Who Owns Which Code?

Merchant’s Dev Team

  • Hydrogen front end: Building all UX, React pages, components, custom routing.
  • Integration logic: Ensuring cart attributes and discount codes get applied.
  • Testing & QA: Verifying that the personalization is correct (e.g., right discount shown, correct creator brand assets, etc.).

CreatorCommerce

  • Affiliate/creator management: Providing and maintaining the metaobject schema, discount code logic, affiliate link tracking, etc.
  • Support & API: Supplying documentation and endpoints for retrieving discount codes, creator data, or verifying cart attributes.
  • Order/customer tagging: Once the order is placed, CreatorCommerce applies relevant tags in Shopify for reporting.

Key Considerations for an eCommerce manager

  1. Resource planning:
    • Developing headless experiences requires more in-house or contracted dev resources to implement front-end features.
    • Confirm your team has the React/Node/Hydrogen expertise to build a robust store experience.
  2. Coordination:
    • Since CreatorCommerce handles the affiliate data model, ensure you communicate changes in campaigns or discount structures to the dev team.
    • The dev team must update front-end logic accordingly.
  3. Testing & Validation:
    • Before launch, thoroughly test affiliate link flows, discount applications, and how data from the Creator metaobject is displayed.
    • Confirm that the final checkout total matches the displayed discount, and that customers and orders are tagged correctly in Shopify.
  4. Scalability:
    • Plan for multiple creators, each with unique branding, discount, or recommended products.
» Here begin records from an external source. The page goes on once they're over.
Lemma quadratic_root_ge0 (c a b : R) : c <= 1 -> 0 < a ->
  exists2 s, 0 <= s & c + 2 * s * b + s ^+ 2 * a = 1.
Proof.
move=> c1 a0; set D := b ^+ 2 + a * (1 - c).
have bD : b ^+ 2 <= D by rewrite lerDl mulr_ge0 ?subr_ge0 // ltW.
have D0 : 0 <= D := le_trans (sqr_ge0 b) bD.
have b_le : b <= Num.sqrt D.
  by rewrite (le_trans (ler_norm b)) // -sqrtr_sqr ler_sqrt.
exists ((Num.sqrt D - b) / a); first by rewrite divr_ge0 ?subr_ge0 // ltW.
have a_neq0 : a != 0 by rewrite gt_eqF.
apply/eqP; rewrite -subr_eq0.
have -> : c + 2 * ((Num.sqrt D - b) / a) * b + ((Num.sqrt D - b) / a) ^+ 2 * a - 1
    = (Num.sqrt D ^+ 2 - D) / a by rewrite /D; field.
by rewrite sqr_sqrtr // subrr mul0r.
Qed.

Lemma gfun_ray_boundary A v x p : A^T = A -> pdmx A -> gfun A v x <= 1 -> p != 0 ->
  exists2 s, 0 <= s & gfun A v (x + s *: p) = 1.
Proof.
move=> sA pA gx1 p0.
have [s s0 root] := quadratic_root_ge0 (dot (x - v) (A *m p)) gx1 (pA p p0).
exists s => //; rewrite /gfun (_ : x + s *: p - v = 1 *: (x - v) + s *: p); last first.
  by rewrite scale1r addrAC.
by rewrite quadform_lincomb // expr1n !mul1r mulr1.
Qed.

Lemma ellipsoid_step_invariant A v (F : 'cV[R]_n -> 'cV[R]_n) (L gamma : R) :
  A^T = A -> pdmx A -> 0 < gamma -> gamma * L <= 1 ->
  (forall x b, gfun A v x <= 1 -> gfun A v b <= 1 ->
     dot (F b - F x) (b - x) <= L * dot (b - x) (b - x)) ->
  (forall b, gfun A v b = 1 -> gfun A v (b - gamma *: F b) <= 1) ->
  forall x, gfun A v x <= 1 -> gfun A v (x - gamma *: F x) <= 1.
Proof.
move=> sA pA g0 gL F_lip F_boundary x gx1.
rewrite /gfun; set e := x - gamma *: F x - v.
have [->|e0] := eqVneq e 0; first by rewrite dot0l ler01.
have E0 : 0 < dot e (A *m e) := pA e e0.
set p := A *m e in E0 *.
have p0 : p != 0 by apply: contraTneq E0 => ->; rewrite dot0r ltxx.
have [s s0 gb1] := gfun_ray_boundary sA pA gx1 p0.
have gb_le : gfun A v (x + s *: p) <= 1 by rewrite gb1.
have := F_boundary _ gb1; rewrite /gfun.
set b := x + s *: p; set eb := b - gamma *: F b - v => Eb1.
have bx : b - x = s *: p by rewrite addrAC subrr add0r.
have eb_e : eb - e = s *: p - gamma *: (F b - F x).
  by rewrite /eb /e -bx scalerBr; apply/matrixP => i j; rewrite !mxE; ring.
have ascent : 0 <= dot (eb - e) p.
  have lip := F_lip x b gx1 gb_le; rewrite bx !dotZr !dotZl in lip.
  rewrite eb_e (dotBl (s *: p)) !dotZl; have [s_eq0|s_neq0] := eqVneq s 0.
    by rewrite /b s_eq0 scale0r addr0 subrr dot0l mulr0 mul0r subrr.
  have s_gt0 : 0 < s by rewrite lt_def s_neq0.
  have pp0 : 0 <= dot p p := dot_ge0 p.
  have Fp : dot (F b - F x) p <= L * (s * dot p p).
    by rewrite -(ler_pM2l s_gt0) (le_trans lip) // mulrCA.
  rewrite subr_ge0 (le_trans (ler_wpM2l (ltW g0) Fp)) // mulrA.
  by rewrite -[X in _ <= X]mul1r ler_wpM2r ?mulr_ge0 // ltW.
have E_le : dot e p <= dot eb p by rewrite -subr_ge0 -dotBl.
have cs := quadform_cauchy_schwarz eb e sA pA; rewrite -/p in cs.
have : dot e p * dot e p <= 1 * dot e p.
  apply: le_trans (_ : dot eb p ^+ 2 <= _); first by rewrite expr2 ler_pM // ltW.
  by apply: le_trans cs _; rewrite ler_wpM2r // ltW.
by rewrite ler_pM2r.
Qed.

End EllipsoidInvariance.

Theorem proposition2 (R : realType) (n : nat)
  (Q A : 'M[R]_n) (q v : 'cV[R]_n) (m : R) (k : nat) (gamma : R) (x : 'cV[R]_n) :
  is_symmetric Q -> psdmx Q -> is_symmetric A -> pdmx A ->
  0 < m -> requirement2 Q A q v m ->
  (0 < k)%N -> 0 < gamma -> gamma <= 1 / Lk Q A m k ->
  inC A v x -> inC A v (x - gamma *: gradJ Q A q v m k x).
Proof.
rewrite /is_symmetric /inC => sQ pQ sA pA m0 req k0 g0 gL.
have [n0|n_gt0] := posnP n.
  by move=> _; subst n; rewrite /gfun dotE big_ord0.
case: k k0 gL => // K _ gL.
have L_gt0 : 0 < Lk Q A m K.+1.
  rewrite lt_def sqrtr_ge0 andbT; apply: contraTneq gL => ->.
  by rewrite invr0 mulr0 -ltNge.
have gL' : gamma * Lk Q A m K.+1 <= 1 by rewrite -ler_pdivlMr // mul1r -div1r.
apply: (ellipsoid_step_invariant sA pA g0 gL').
  by move=> y b; apply: gradJ_inner_le.
by move=> b; apply: boundary_step_inC.
Qed.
Your dev team’s front-end design should handle many co-branded experiences without duplicating too much code.

Wrapping Up

A headless approach with Hydrogen offers maximum flexibility for building a bespoke storefront. However, it also shifts responsibility for many tasks—like the front-end display of affiliate data and discount logic—onto your dev team. CreatorCommerce still manages the underlying data (via metaobjects) and affiliate logic (via the SDK and discount API), but you decide how to pull and present that data in your custom setup.

By clearly delineating these jobs-to-be-done—and knowing exactly where CreatorCommerce’s tools end and your custom headless build begins—you’ll streamline your workflow and keep your co-branded experiences running smoothly.